Height 1,915 mm and weighs 175kg, turning on and turning off computers and other electrical equipment, open doors, pick up and carry. Research has been reached how to coordinate the movements of the arms and legs.

P2 (1993-1997)
This is the first form of DAPT surprisingly charming public nature of the geraqkannya of a robot.Robot is also called the world's first robot that can manage the system independently.
1.820mm height and weighs 210kg with wireless techniques. His body consists of a computer, motor, wireless radio, and other common equipment. This robot has been able to move freely and go up and down stairs, pushing a stroller, and do other things done without cables or wires are connected to the robot because it uses wireless technology.

P3 (1993-1997)
In this form only change the size and weight into a humanoid robot that is interesting and amusing to look at. This robot has become a robot complete first free and runs using two legs.
Height 1,600 mm and weighs 130kg. Height and weight can be reduced because by changing the material component and centralize the control system. This interesting size which is touted to be better and appropriate if used in a real human environment.

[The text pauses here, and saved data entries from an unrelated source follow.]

Lemma card_tree_cut_le_hamming W T : (#|tree_cut (symdiff W T)| <= hamming (cv W) (cv T))%N.
Proof.
have [->|[v]] := set_0Vmem (tree_cut (symdiff W T)); first by rewrite cards0.
rewrite inE => /andP [hv _]; have [ev _] := parentP hv.
pose tree_edge u : edge_t e := insubd (edge_of ev) [set u; parent u].
have tree_edgeE u : u != r -> val (tree_edge u) = [set u; parent u].
  by move=> hu; have [eu _] := parentP hu; rewrite val_insubd mem_edges.
rewrite -(card_in_imset (f := tree_edge)); last first.
  move=> u w; rewrite !inE => /andP [hu _] /andP [hw _] /(congr1 val).
  rewrite !tree_edgeE // => /eq_set2 [[//]|[uw wu]].
  have [_ du] := parentP hu; have [_ dw] := parentP hw.
  by move: du dw; rewrite -uw -wu => <-; lia.
apply: subset_leq_card; apply/subsetP => f /imsetP [u]; rewrite !inE => /andP [hu hc] ->.
by have [eu _] := parentP hu; rewrite (cutvec_neq _ _ eu (tree_edgeE u hu)).
Qed.

Lemma tree_cut_odd_depth : tree_cut (symdiff set0 [set u | odd (dist u)]) = [set~ r].
Proof.
apply/setP => u; rewrite !inE; case hu: (u != r) => //=; have [_ du] := parentP hu.
by rewrite cross_symdiff /cross !inE -du /=; case: odd.
Qed.

End SpanningTree.

Lemma reach_cutvec_vertices (connected : forall u v, connect e u v) p q :
  is_vertex cv p -> is_vertex cv q -> reach cv (#|V| - 1) p q.
Proof.
move=> /vertex_pt [S ->] /vertex_pt [T ->].
have [r _|V0] := pickP (fun _ : V => true).
  exact/reach_tree_cut/(card_tree_cut_le r connected).
rewrite (@eq_cutvec S T) => [|x]; last by have := V0 x.
exact: reach_le (leq0n _) erefl.
Qed.

Lemma hamming_cutvec_lower (connected : forall u v, connect e u v) :
  exists S, (#|V| - 1 <= hamming (cv set0) (cv S))%N.
Proof.
have [r _|V0] := pickP (fun _ : V => true); last by exists set0; rewrite (eq_card0 V0).
exists [set u | odd (dist r connected u)].
by rewrite subn1 -(cardsC1 r) -tree_cut_odd_depth card_tree_cut_le_hamming.
Qed.

Definition induced (X : {set V}) : rel V := [rel a b | [&& e a b, a \in X & b \in X]].

Definition induced_connected (X : {set V}) :=
  forall x y, x \in X -> y \in X -> connect (induced X) x y.

Lemma connect_cross (A : {set V}) x y : connect e x y -> x \in A -> y \notin A ->
  exists a b, e a b /\ cross A a b.
Proof.
move=> /connectP [p hp ->]; elim: p x hp => [|z p IH] x /=; first by move=> _ ->.
case/andP => exz hp hx hy; case hz: (z \in A); first exact: IH hp hz hy.
by exists x, z; rewrite /cross hx hz.
Qed.

(* The components of [X] containing [x] and not containing it split [delta(X)]. *)
Lemma split_disconnected (connected : forall u v, connect e u v) (X : {set V}) x y :
  x \in X -> y \in X -> ~~ connect (induced X) x y ->
  exists U1 U2 : {set V},
   [/\ forall a b, cross X a b = cross U1 a b (+) cross U2 a b,
       forall a b, e a b -> ~~ (cross U1 a b && cross U2 a b),
       exists a b, e a b /\ cross U1 a b &
       exists a b, e a b /\ cross U2 a b].
Proof.
move=> hx hy hnc.
pose U1 := [set z | (z \in X) && connect (induced X) x z].
pose U2 := [set z | (z \in X) && ~~ connect (induced X) x z].
have memX z : (z \in X) = (z \in U1) (+) (z \in U2).
  by rewrite !inE; case: (z \in X); case: connect.
have disj z : ~~ ((z \in U1) && (z \in U2)) by rewrite !inE; case: (z \in X); case: connect.
have no_edge a b : e a b -> ~~ ((a \in U1) && (b \in U2)).
  move=> eab; apply/negP; case/andP; rewrite !inE => /andP [ha ca] /andP [hb /negP]; apply.
  by apply: connect_trans ca (connect1 _); rewrite /induced /= eab ha hb.
exists U1, U2; split.
- by move=> a b; rewrite /cross !memX addbACA.
- move=> a b eab; have eba : e b a by rewrite e_sym.
  have := no_edge a b eab; have := no_edge b a eba.
  move: (disj a) (disj b); rewrite /cross.
  by case: (a \in U1); case: (a \in U2); case: (b \in U1); case: (b \in U2).
- by apply: (connect_cross (connected x y)); rewrite inE ?hx ?hy ?connect0 ?hnc.
- by apply: (connect_cross (connected y x)); rewrite inE ?hx ?hy ?connect0 ?hnc.
Qed.

Lemma path_induced_all (X : {set V}) x p : path (induced X) x p -> all (mem X) p.
Proof.
elim: p x => [|z p IH] x //= /andP [/and3P [_ _ hz] hp].
by rewrite hz (IH z hp).
Qed.

(* If the only changes of side along [s] are the steps [aj -> bj] and [bi -> ai],
   then these are the only edges of [s] in [delta(U)]. *)
Lemma cycle_cut_edges (U : {set V}) s ai bi aj bj :
  cycle [rel u w | ((u \in U) == (w \in U)) || ((u == aj) && (w == bj))
                   || ((u == bi) && (w == ai))] s ->
  forall a b, [set a; b] \in cycle_edges s -> a \in U -> b \notin U ->
    [set a; b] = [set ai; bi] \/ [set a; b] = [set aj; bj].
Proof.
move=> hcyc a b /imsetP [z hz hab] ha hb; have := next_cycle hcyc hz.
case/eq_set2: hab => [] [<- <-] /=; rewrite ha (negbTE hb) /=;
  case/orP => /andP [/eqP -> /eqP ->];
  first [by left | by right | by left; rewrite setUC | by right; rewrite setUC].
Qed.

(* Joining the two cut edges by a shortest path on each side gives a simple cycle
   whose only edges in [delta(U)] are these two. *)
Lemma cycle_through_cut_edges U ai bi aj bj :
  connect (induced U) ai aj -> connect (induced (~: U)) bj bi ->
  e ai bi -> e aj bj -> ai \in U -> aj \in U -> bi \notin U -> bj \notin U ->
  [set ai; bi] != [set aj; bj] ->
  exists s, [/\ simple_cycle e s, [set ai; bi] \in cycle_edges s,
     [set aj; bj] \in cycle_edges s &
     forall a b, [set a; b] \in cycle_edges s -> a \in U -> b \notin U ->
        [set a; b] = [set ai; bi] \/ [set a; b] = [set aj; bj]].
Proof.
move=> /connectP [p0 hp0 hl0] /connectP [q0 hq0 hl1] ei ej hai haj hbi hbj hne.
case: (shortenP hp0) hl0 => P hP huP _ hlP.
case: (shortenP hq0) hl1 => Q hQ huQ _ hlQ.
have PU := path_induced_all hP; have QU := path_induced_all hQ.
pose s := ai :: (P ++ bj :: Q).
have hus : uniq s.
  rewrite /s -cat_cons cat_uniq huP huQ andbT; apply/hasPn => z hz.
  have zO : z \notin U.
    by move: hz; rewrite inE => /orP [/eqP -> //| /(allP QU)]; rewrite /= inE.
  apply: contra zO; rewrite inE => /orP [/eqP -> //|/(allP PU)] //.
have hsz : (2 < size s)%N.
  rewrite /s /= size_cat /=.
  move: hlP hlQ hne; case: P {hP huP PU hus s} => [|p1 P']; case: Q {hQ huQ QU} => [|q1 Q'] /=;
    try lia.
  by move=> -> ->; rewrite eqxx.
have hcyc : cycle e s.
  rewrite /s /= rcons_path cat_path /= -hlP ej /= last_cat /= -hlQ e_sym ei andbT.
  by rewrite (sub_path _ hP) ?(sub_path _ hQ) // => a b /and3P [].
pose side := [rel u w | ((u \in U) == (w \in U)) || ((u == aj) && (w == bj))
                        || ((u == bi) && (w == ai))].
have hcyc_side : cycle side s.
  rewrite /s /= rcons_path cat_path /= -hlP last_cat /= -hlQ !eqxx !orbT /= andbT.
  by rewrite (sub_path _ hP) ?(sub_path _ hQ) //;
    move=> a b /and3P [_ ha hb]; apply/orP; left; apply/orP; left;
    move: ha hb; rewrite ?inE; do 2 case: (_ \in U).
have next_bi : next s bi = ai.
  have -> : bi = last ai (P ++ bj :: Q) by rewrite last_cat.
  exact: next_last.
have next_aj : next s aj = bj.
  have rot_s : rot (size (ai :: P)) s = bj :: (Q ++ ai :: P) by rewrite rot_size_cat.
  have -> : aj = last bj (Q ++ ai :: P) by rewrite last_cat.
  by rewrite -(next_rot (size (ai :: P)) hus) rot_s next_last // -rot_s rot_uniq.
have aj_s : aj \in s by rewrite hlP /s -cat_cons mem_cat mem_last.
have bi_s : bi \in s by rewrite hlQ /s inE mem_cat mem_last !orbT.
exists s; split.
- by rewrite /simple_cycle hcyc hus hsz.
- by apply/imsetP; exists bi => //; rewrite next_bi setUC.
- by apply/imsetP; exists aj => //; rewrite next_aj.
- exact: cycle_cut_edges hcyc_side.
Qed.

ASIMO / New ASIMO (2000-present)
This form is called as the final form of the robot Honda also more human-friendly and smoother. Increase in evolutionary terms of shape, size, weight and gait making robot models are very attractive to the experts.
The advantages of this model are:

  1. Neat and light
  2. Has a more intelligent road technology
  3. Movement of the knee that is free to move
  4.  Evolution beautiful and simple
  5. More has a human-friendly design

Recognition technology
In the 2000s model of ASIMO, Honda has added many features that enable ASIMO to interact better with humans. These features fall under 5 categories:

1. Recognition of moving objects
Using visual information from a camera mounted in its head, ASIMO can detect the movement of multiple objects and judging distances and directions. Common applications of these features include: the ability to follow the movement of the camera, follow a person, or greet a person when he approached.

2. Introduction of posture and movement
ASIMO can also interpret the positioning and movement of a hand, as well as recognizing postures and movements. ASIMO can react to and be directed not only to voice commands, but also with a wide range of natural human movements. This makes it possible to, for example, recognize when a handshake is offered or when someone waved and Asimo respond appropriately. It can also recognize movement directions such as pointing.

3. Introduction of environment
Asimo can recognize objects and situations of the environment and act in a way that is safe for himself and people nearby. For example, recognizing potential hazards such as stairs, and avoid hitting humans or other moving objects.

4. Distinguishing sounds
ASIMO's ability to identify the source of the sound and be able to distinguish between the human voice and other sounds. It can respond to call his name, recognize people's faces when you're spoken to, and recognize unusual sounds such as the sound of a falling object or a collision, and turned her face towards it. Asimo can also answer questions, either with a curt nod, shaking his head or respond verbally.

5. Face recognition
ASIMO has the ability to recognize faces, even when ASIMO or the human being moved. Individually Asimo can recognize approximately 10 different faces and recognize facial owner's name if it has been registered before.

Human Support Robot



Toyota has unveiled a new assistant robot designed to help the disabled live more independently. Called the Human Support Robot (HSR), it represents the latest initiative in Toyota's Partner Robot program and is intended to help out around the home by fetching things, opening curtains, and picking up objects that have fallen to the floor.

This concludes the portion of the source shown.